• 37
    an itibariyle nba'de en kötü durumda olan takım, takımım. durumun kötülüğü ellerinin kollarının bağlı olması ve şapkadan tavşan çıkmasını bekliyor olmalarından geliyor.

    takımı bu halde görmenin büyük üzüntüsü içerisindeyim, genel ve uzun bir değerlendirme yapacağım..

    2010 yılının yazında eric dampier ellerinde büyük bir kozdu. biten kontratı* her takımın isteyebileceği türdendi ve takım bunu kullanarak büyük yıldız almak istiyordu. o yaz hatırlarsınız ki lebron james, chris bosh, amare stoudemire gibi oyuncular serbest, carmelo anthony, chris paul gibi oyuncuların durumu net değildi. ama hiçbir yıldızı takıma katamadılar. daha doğrusu elde imkan vardı ama hiçbir yıldız dallas'a gelmek istemedi. bahsettiğim o büyük kozu charlotte bobcats'e göndererek karşılığında tyson chandler'ı aldılar ve bir anda elde kimyası müthiş çalışan makine düzeninde bir takım çıktı ve sonunda nba şampiyonluğuna kadar gitti. takımın tarihinde bir ilkti. takım sahibi mark cuban'ın 1999 yılından beri hiçbir harcamadan kaçmadan yaratmaya çalıştığı takım artık hedefine ulaşmıştı.

    boston celtics, san antonio spurs gibi takımlara bakarsanız aslında yapılması gerekenin ne olduğunu daha net görebilirsiniz. şampiyon olmuş bir takımın kadrosu yaşlı bile olsa asla dağıtılmaz. o temelin üstüne yeni genç isimler eklersiniz ve zamanla farklı bir rotasyonu oturtursunuz. burda hemen akıllara rudy tomjanovic'in efane sözü akıllara geliyor.

    (bkz: don't ever underestimate the heart of a champion) (hiçbir zaman bir şampiyonun yüreğini küçümseme)

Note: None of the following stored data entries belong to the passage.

(* For any Euclidean function $\sigma$ on an integral domain $A$, the following conditions are equivalent: (a) $\sigma$ is non-archimedean and satisfies $\sigma(ab) = \sigma(a)+\sigma(b)$ for all $a,b \in A$. (b) The function $2^\sigma: A \to \mathbb{N}$, $a\mapsto 2^{\sigma(a)}$, is a non-archimedean norm on the domain $A$. (c) The function $2^\sigma$ is a norm on $A$, and the prime subring of $A$ is contained in $\{a \in A: \sigma(a) \leq \sigma(1)\} = A^\times \cup \{0\}$. (d) The function $2^\sigma$ is a norm on $A$, and $A$ contains a field. (e) The factroids of $A$ are the sets $C_n := \{a \in A: \sigma(a) \leq n\}$ for all $n \in \sigma(A) \cup \{\infty\}$ (which are distinct for all $n \in \sigma(A)$), and the level sets $D_n := \{a \in A: \sigma(a) = n\}$ satisfy $D_m D_n \subseteq D_{m+n}$ for all $m,n \in \sigma(A)$. Moreover, a domain $A$ admits a Euclidean function satisfying the equivalent conditions above if and only if $A$ is a field or $A \cong k[x]$ for some field $k$.
   Context: A Euclidean function on an integral domain $A$ is a function $\sigma:A\to\mathbb{N}\cup\{-\infty\}$ such that $\sigma(a)=-\infty$ iff $a=0$; for all $a,b\in A$ with $b\neq 0$ there exist $q,r\in A$ with $a=bq+r$ and $\sigma(r)<\sigma(b)$; and $\sigma(a)\le\sigma(ab)$ for all $a,b$ with $b\ne0$. It is non-archimedean if $\sigma(a+b)\le\max\{\sigma(a),\sigma(b)\}$. Here $2^{-\infty}=0$. A norm on $A$ is a function $N:A\to\mathbb{R}_{\ge0}$ with $N(a)=0$ iff $a=0$, $N(ab)=N(a)N(b)$ and $N(a+b)\le N(a)+N(b)$; it is non-archimedean if $N(a+b)\le\max\{N(a),N(b)\}$. A factroid of $A$ is an additive subgroup $F$ of $A$ such that $ba\in F$ with $b\ne 0$ implies $a\in F$. $D_mD_n=\{xy\mid x\in D_m, y\in D_n\}$. *)

From HB Require Import structures.
From mathcomp Require Import all_boot all_order all_algebra.
Set Implicit Arguments. Unset Strict Implicit. Unset Printing Implicit Defensive.
Import Order.TTheory GRing.Theory Num.Theory.
Local Open Scope ring_scope.

(* Values of a Euclidean function: N ∪ {-oo}, encoded as option nat,
   with None = -oo. *)
Definition ole (x y : option nat) : bool :=
  match x, y with
  | None, _ => true
  | Some _, None => false
  | Some m, Some n => (m <= n)%N
  end.
Definition olt (x y : option nat) : bool := ~~ ole y x.
Definition omax (x y : option nat) : option nat := if ole x y then y else x.
Definition oadd (x y : option nat) : option nat :=
  match x, y with
  | Some m, Some n => Some (m + n)%N
  | _, _ => None
  end.
Definition pow2 (R : numDomainType) (x : option nat) : R :=
  match x with None => 0 | Some n => 2 ^+ n end.

Section Defs.
Variable A : idomainType.

Definition euclidean (sigma : A -> option nat) : Prop :=
  (forall a, sigma a = None <-> a = 0) /\
  (forall a b, b != 0 -> exists q r, a = b * q + r /\ olt (sigma r) (sigma b)) /\
  (forall a b, b != 0 -> ole (sigma a) (sigma (a * b))).

Definition nonarch_euclid (sigma : A -> option nat) : Prop :=
  forall a b, ole (sigma (a + b)) (omax (sigma a) (sigma b)).

Definition is_norm (R : numDomainType) (N : A -> R) : Prop :=
  (forall a, 0 <= N a) /\
  (forall a, N a = 0 <-> a = 0) /\
  (forall a b, N (a * b) = N a * N b) /\
  (forall a b, N (a + b) <= N a + N b).

Definition nonarch_norm (R : numDomainType) (N : A -> R) : Prop :=
  is_norm N /\ forall a b, N (a + b) <= Num.max (N a) (N b).

Definition factroid (F : pred A) : Prop :=
  0 \in F /\ (forall x y, x \in F -> y \in F -> x - y \in F) /\
  (forall a b, b != 0 -> b * a \in F -> a \in F).

Definition contains_field : Prop :=
  exists K : pred A,
    1 \in K /\ (forall x y, x \in K -> y \in K -> x - y \in K) /\
    (forall x y, x \in K -> y \in K -> x * y \in K) /\
    (forall x, x \in K -> x != 0 -> exists2 y, y \in K & x * y = 1).

Definition is_field : Prop := forall x : A, x != 0 -> x \is a GRing.unit.

End Defs.

From HB Require Import structures.
From mathcomp Require Import all_boot all_order all_algebra.
From mathcomp Require Import zify lra.
From Stdlib Require Import Classical Wf_nat.
Set Implicit Arguments. Unset Strict Implicit. Unset Printing Implicit Defensive.
Import Order.TTheory GRing.Theory Num.Theory.
Local Open Scope ring_scope.

(* Under (a), sigma is additive on products and ultrametric, so its elements of
   value at most 0 form a subfield K, namely the units and 0.  If sigma takes a
   positive value, let t have the least one, d: dividing by t leaves remainders
   in K and sigma (t q + r) = sigma q + d, so p |-> p(t) is an isomorphism
   K[X] -> A with sigma (p(t)) = d * deg p.  Hence all values are multiples of
   d, which makes every factroid downward closed for sigma, i.e. a sublevel set.
   The norm conditions reduce to (a): multiplicativity of 2^sigma is additivity
   of sigma, and N 2 <= 1 gives N (a + b)^2 <= 3 max (N a, N b)^2, which for
   powers of 2 is the ultrametric inequality. *)

Lemma classical_ex_minn (P : nat -> Prop) :
  (exists n, P n) -> exists2 n, P n & forall m, P m -> (n <= m)%N.
Proof.
move/(@dec_inh_nat_subset_has_unique_least_element P (fun n => classic (P n))).
by case=> n [[Pn n_min] _]; exists n => // m /n_min/ssrnat.leP.
Qed.

Lemma classical_ex_maxn (P : nat -> Prop) N :
  (exists n, P n) -> (forall n, P n -> (n <= N)%N) ->
  exists2 n, P n & forall m, P m -> (m <= n)%N.
Proof.
move=> [n Pn] le_N.
have [_ [m Pm ->] k_min] := @classical_ex_minn (fun k => exists2 m, P m & k = (N - m)%N)
  (ex_intro _ _ (ex_intro2 _ _ n Pn erefl)).
exists m => // m' Pm'.
have : (N - m <= N - m')%N by apply: k_min; exists m'.
by have := le_N _ Pm'; lia.
Qed.

Lemma ole_refl x : ole x x.
Proof. by case: x => //= n; rewrite leqnn. Qed.

Lemma ole_trans x y z : ole x y -> ole y z -> ole x z.
Proof. by case: x; case: y; case: z => //= a b c; lia. Qed.

Lemma ole_anti x y : ole x y -> ole y x -> x = y.
Proof. by case: x; case: y => //= m n le_nm le_mn; congr Some; lia. Qed.

Lemma ole_total x y : ole x y || ole y x.
Proof. by case: x; case: y => //= m n; apply: leq_total. Qed.

Lemma oltW x y : olt x y -> ole x y.
Proof. by rewrite /olt; case: x; case: y => //= m n; lia. Qed.

Lemma ole_None x : ole x None = (x == None).
Proof. by case: x. Qed.

Lemma ole_maxl x y : ole x (omax x y).
Proof. by rewrite /omax; case: ifP => // _; apply: ole_refl. Qed.

Lemma ole_maxr x y : ole y (omax x y).
Proof.
rewrite /omax; case: ifP => [_|le_xy]; first exact: ole_refl.
by have := ole_total x y; rewrite le_xy.
Qed.

Lemma ole_omax x y z : ole (omax x y) z = ole x z && ole y z.
Proof.
by rewrite /omax; case: x => [a|]; case: y => [b|]; case: z => [c|] //=; case: leqP => /=; lia.
Qed.

Section Pow2.
Variable R : realFieldType.

Lemma pow2_ge0 x : 0 <= pow2 R x.
Proof. by case: x => //= n; rewrite exprn_ge0. Qed.

Lemma pow2_eq0 x : pow2 R x = 0 <-> x = None.
Proof. by case: x => //= n; split => // /eqP; rewrite expf_eq0 pnatr_eq0 andbF. Qed.

Lemma pow2_oadd x y : pow2 R (oadd x y) = pow2 R x * pow2 R y.
Proof. by case: x; case: y => //= *; rewrite ?mulr0 ?mul0r // exprD mulrC. Qed.

Lemma ler_pow2 x y : (pow2 R x <= pow2 R y) = ole x y.
Proof.
case: x => [m|]; case: y => [n|] /=.
- by rewrite ler_eXn2l // ltr1n.
- by apply/negbTE; rewrite -ltNge exprn_gt0.
- by rewrite exprn_ge0.
- by rewrite lexx.
Qed.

    spurs ve celtics'in yaptığı hep bu oldu. sonunda tam başarı gelmese bile ikisi de şu an dallas'ın düştüğü duruma düşmedi. mark cuban yeni cba'nin getidiklerini çok iyi analiz ettiğini ve takımın geleceği için iyi ama pusuda bekleyecek bir kadro kuracağını söyledi 2011 yazında. dirk nowitzki'nin alınabilmesi için kendi alacağı 20 milyon dolardan vazgeçtiği ve kariyerim boyunca beraber oynadığım en iyi pivot dediği tyson chandler takımda kalmak istediğini defalarca belirtmesine rağmen new york knicks'e gönderildi. şampiyonluğun özellikle final serisindeki performansıyla kilit isimlerinden jose juan barea minnesota'ya, takım savunmasının baş kahramanlarından deshawn stevenson new jersey'e, caron butler'da los angeles clippers'a gönderildi. aynı şekilde eldeki iki genç ve atletik oyuncular rudy fernandez ile corey brewer denver'a gönderildi. geriye sadece dirk ve yaşlılar ordusu kaldı.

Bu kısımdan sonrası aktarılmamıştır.